From the line with "have := frob2_convex P X Y t01." onward, reproduce each line of the entries exactly, ending at the last one, and add nothing.

[Items listed in a dataset]
BEGIN

Lemma detailed_balance pi X i j : Dv pi *m X = X^T *m Dv pi ->
  pi i 0 * X i j = pi j 0 * X j i.
Proof.
move/(congr1 (fun M : 'M[R]_n => M i j)).
by rewrite /Dv mul_diag_mx mul_mx_diag !mxE => ->; rewrite mulrC.
Qed.

Lemma Mmat_lincomb pi X Y (t : R) :
  Mmat pi (t *: X + (1 - t) *: Y) = t *: Mmat pi X + (1 - t) *: Mmat pi Y.
Proof.
rewrite /Mmat mulmxDr mulmxDl -!scalemxAr -!scalemxAl.
move: (_ *m X *m _) (_ *m Y *m _) (_ *m _^T) => A B C.
by apply/matrixP => i j; rewrite !mxE; ring.
Qed.

Variable pi : 'cV[R]_n.
Hypothesis pi_gt0 : forall i, 0 < pi i 0.

Local Notation h i := (Num.sqrt (pi i 0)).
Local Notation D := (Dv (sqrt_vec pi)).

Let h_neq0 i : h i != 0. Proof. by rewrite gt_eqF ?sqrtr_gt0. Qed.

Let D_neq0 i : (sqrt_vec pi)^T 0 i != 0. Proof. by rewrite !mxE. Qed.

Lemma Dv_sqrt_unit : D \in unitmx.
Proof. exact: diag_mx_unit. Qed.

Lemma Dv_sqrt_mul : D *m D = Dv pi.
Proof.
apply/matrixP => i j; rewrite /Dv mul_diag_mx !mxE mulrnAr -expr2.
by rewrite sqr_sqrtr ?ltW.
Qed.

Lemma Mmat_entry X i j :
  Mmat pi X i j = (i == j)%:R - h i * X i j / h j + h i * h j.
Proof.
by rewrite /Mmat invmx_diag // /Dv mul_diag_mx mul_mx_diag !mxE big_ord1 !mxE.
Qed.

Lemma Mmat_sym X : Dv pi *m X = X^T *m Dv pi -> (Mmat pi X)^T = Mmat pi X.
Proof.
move=> X_rev; have uD := Dv_sqrt_unit.
have DT : D^T = D by exact: tr_diag_mx.
have conj_sym : (D *m X *m invmx D)^T = D *m X *m invmx D.
  rewrite !trmx_mul trmx_inv DT -[D *m X](mulKmx uD) (mulmxA D D) Dv_sqrt_mul X_rev.
  by rewrite -Dv_sqrt_mul !mulmxA mulmxK.
by rewrite /Mmat !linearD linearN /= trmx1 conj_sym trmx_mul trmxK.
Qed.

Lemma mxform_Mmat X v : mxform (Mmat pi X) v v = \sum_i v 0 i ^+ 2
  - \sum_i \sum_j h i ^+ 2 * X i j * (v 0 i / h i) * (v 0 j / h j)
  + (\sum_i v 0 i * h i) ^+ 2.
Proof.
have -> : \sum_i v 0 i ^+ 2 = \sum_i \sum_j v 0 i * (i == j)%:R * v 0 j.
  apply: eq_bigr => i _; rewrite (bigD1 i) //= eqxx mulr1 expr2 big1 ?addr0 // => j ji.
  by rewrite eq_sym (negbTE ji) mulr0 mul0r.
have -> : (\sum_i v 0 i * h i) ^+ 2 = \sum_i \sum_j v 0 i * h i * (v 0 j * h j).
  by rewrite expr2 big_distrl; apply: eq_bigr => i _; rewrite big_distrr.
rewrite mxformE -sumrB -big_split; apply: eq_bigr => i _ /=.
rewrite -sumrB -big_split; apply: eq_bigr => j _ /=; rewrite Mmat_entry.
by field; rewrite !h_neq0.
Qed.

Lemma Mmat_psd X : Dv pi *m X = X^T *m Dv pi -> X *m ones R n = ones R n ->
  nonneg_mx X -> psdmx (Mmat pi X).
Proof.
move=> X_rev X_row X_ge0 v; rewrite mxform_Mmat.
have h_sqr i : h i ^+ 2 = pi i 0 by rewrite sqr_sqrtr ?ltW.
have diag_part : \sum_i \sum_j h i ^+ 2 * X i j * (v 0 i / h i) ^+ 2 = \sum_i v 0 i ^+ 2.
  apply: eq_bigr => i _; rewrite -[RHS]mul1r -(row_sum_eq1 i X_row) mulr_suml.
  by apply: eq_bigr => j _; field; rewrite h_neq0.
have := sqr_ge0 (\sum_i v 0 i * h i).
have : \sum_i \sum_j h i ^+ 2 * X i j * (v 0 i / h i) * (v 0 j / h j)
    <= \sum_i v 0 i ^+ 2.
  rewrite -diag_part; apply: sum_sym_nonneg_le => i j.
    by rewrite !h_sqr detailed_balance.
  by rewrite mulr_ge0 ?sqr_ge0.
lra.
Qed.
End ReversibleChains.

Lemma frob2_convex (R : rcfType) (n : nat) (P X Y : 'M[R]_n) (t : R) :
  0 <= t <= 1 ->
  frob2 (t *: X + (1 - t) *: Y - P) <= t * frob2 (X - P) + (1 - t) * frob2 (Y - P).
Proof.
move=> /andP[t_ge0 t_le1].
rewrite /frob2 !mulr_sumr -big_split; apply: ler_sum => i _ /=.
rewrite !mulr_sumr -big_split; apply: ler_sum => j _ /=.
rewrite !mxE; move: (X i j) (Y i j) (P i j) => x y p.
have gap : t * (x - p) ^+ 2 + (1 - t) * (y - p) ^+ 2 - (t * x + (1 - t) * y - p) ^+ 2
  = t * (1 - t) * (x - y) ^+ 2 by ring.
have : 0 <= t * (1 - t) * (x - y) ^+ 2 by rewrite mulr_ge0 ?sqr_ge0 ?mulr_ge0 ?subr_ge0.
rewrite -gap; lra.
Qed.

Lemma feasible_convex (R : rcfType) (n : nat) (Pp Ss : rel 'I_n) (P : 'M[R]_n)
    (pi : 'cV[R]_n) (X Y : 'M[R]_n) (t : R) :
  feasible Pp Ss P pi X -> feasible Pp Ss P pi Y -> 0 <= t <= 1 ->
  feasible Pp Ss P pi (t *: X + (1 - t) *: Y).
Proof.
move=> [X_pat X_fix X_row X_rev X_ge0] [Y_pat Y_fix Y_row Y_rev Y_ge0] /andP[t_ge0 t_le1].
split.
- move=> i j ij; rewrite !mxE.
  by have [-> ->] := X_pat i j ij; have [-> ->] := Y_pat i j ij; rewrite !mulr0 addr0.
- by move=> i j Pij Sij; rewrite !mxE X_fix // Y_fix //; ring.
- by rewrite mulmxDl -!scalemxAl X_row Y_row -scalerDl addrC subrK scale1r.
- by rewrite !linearD !linearZ /= X_rev Y_rev mulmxDl -!scalemxAl.
- by move=> i j; rewrite !mxE addr_ge0 ?mulr_ge0 ?subr_ge0.
Qed.

Unset Implicit Arguments.

Theorem proposition2p5 (R : rcfType) (n : nat) (Pp Ss : rel 'I_n)
  (P : 'M[R]_n) (pi : 'cV[R]_n) :
  is_pattern Pp -> is_pattern Ss ->
  in_pattern Pp P -> reversible P -> stationary_distribution P pi ->
  (* F is convex *)
  (forall (X Y : 'M[R]_n) (t : R),
     feasible Pp Ss P pi X -> feasible Pp Ss P pi Y -> 0 <= t <= 1 ->
     feasible Pp Ss P pi (t *: X + (1 - t) *: Y)) /\
  (* f is convex over F (f = +oo where the matrix is singular) *)
  (forall (X Y : 'M[R]_n) (t : R),
     feasible Pp Ss P pi X -> feasible Pp Ss P pi Y -> 0 <= t <= 1 ->
     Mmat pi X \in unitmx -> Mmat pi Y \in unitmx ->
     Mmat pi (t *: X + (1 - t) *: Y) \in unitmx /\
     fobj P pi (t *: X + (1 - t) *: Y)
       <= t * fobj P pi X + (1 - t) * fobj P pi Y).
Proof.
move=> _ _ _ [P_sto [P_irr _]] P_st.
have pi_gt0 := stationary_gt0 P_sto P_irr P_st.
split=> [X Y t|]; first exact: feasible_convex.
move=> X Y t [_ _ X_row X_rev X_ge0] [_ _ Y_row Y_rev Y_ge0] t01 uX uY.
have [sX sY] := (Mmat_sym pi_gt0 X_rev, Mmat_sym pi_gt0 Y_rev).
have pX := Mmat_psd pi_gt0 X_rev X_row X_ge0.
have pY := Mmat_psd pi_gt0 Y_rev Y_row Y_ge0.
rewrite /fobj Mmat_lincomb; split; first exact: psdmx_comb_unit.
have := mxtrace_invmx_convex sX sY uX uY pX pY t01.
have := frob2_convex P X Y t01.
by move: t01 => /andP[t_ge0 t_le1]; nra.
Qed.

END

* _Exercise solution_
have := frob2_convex P X Y t01.
by move: t01 => /andP[t_ge0 t_le1]; nra.
Qed.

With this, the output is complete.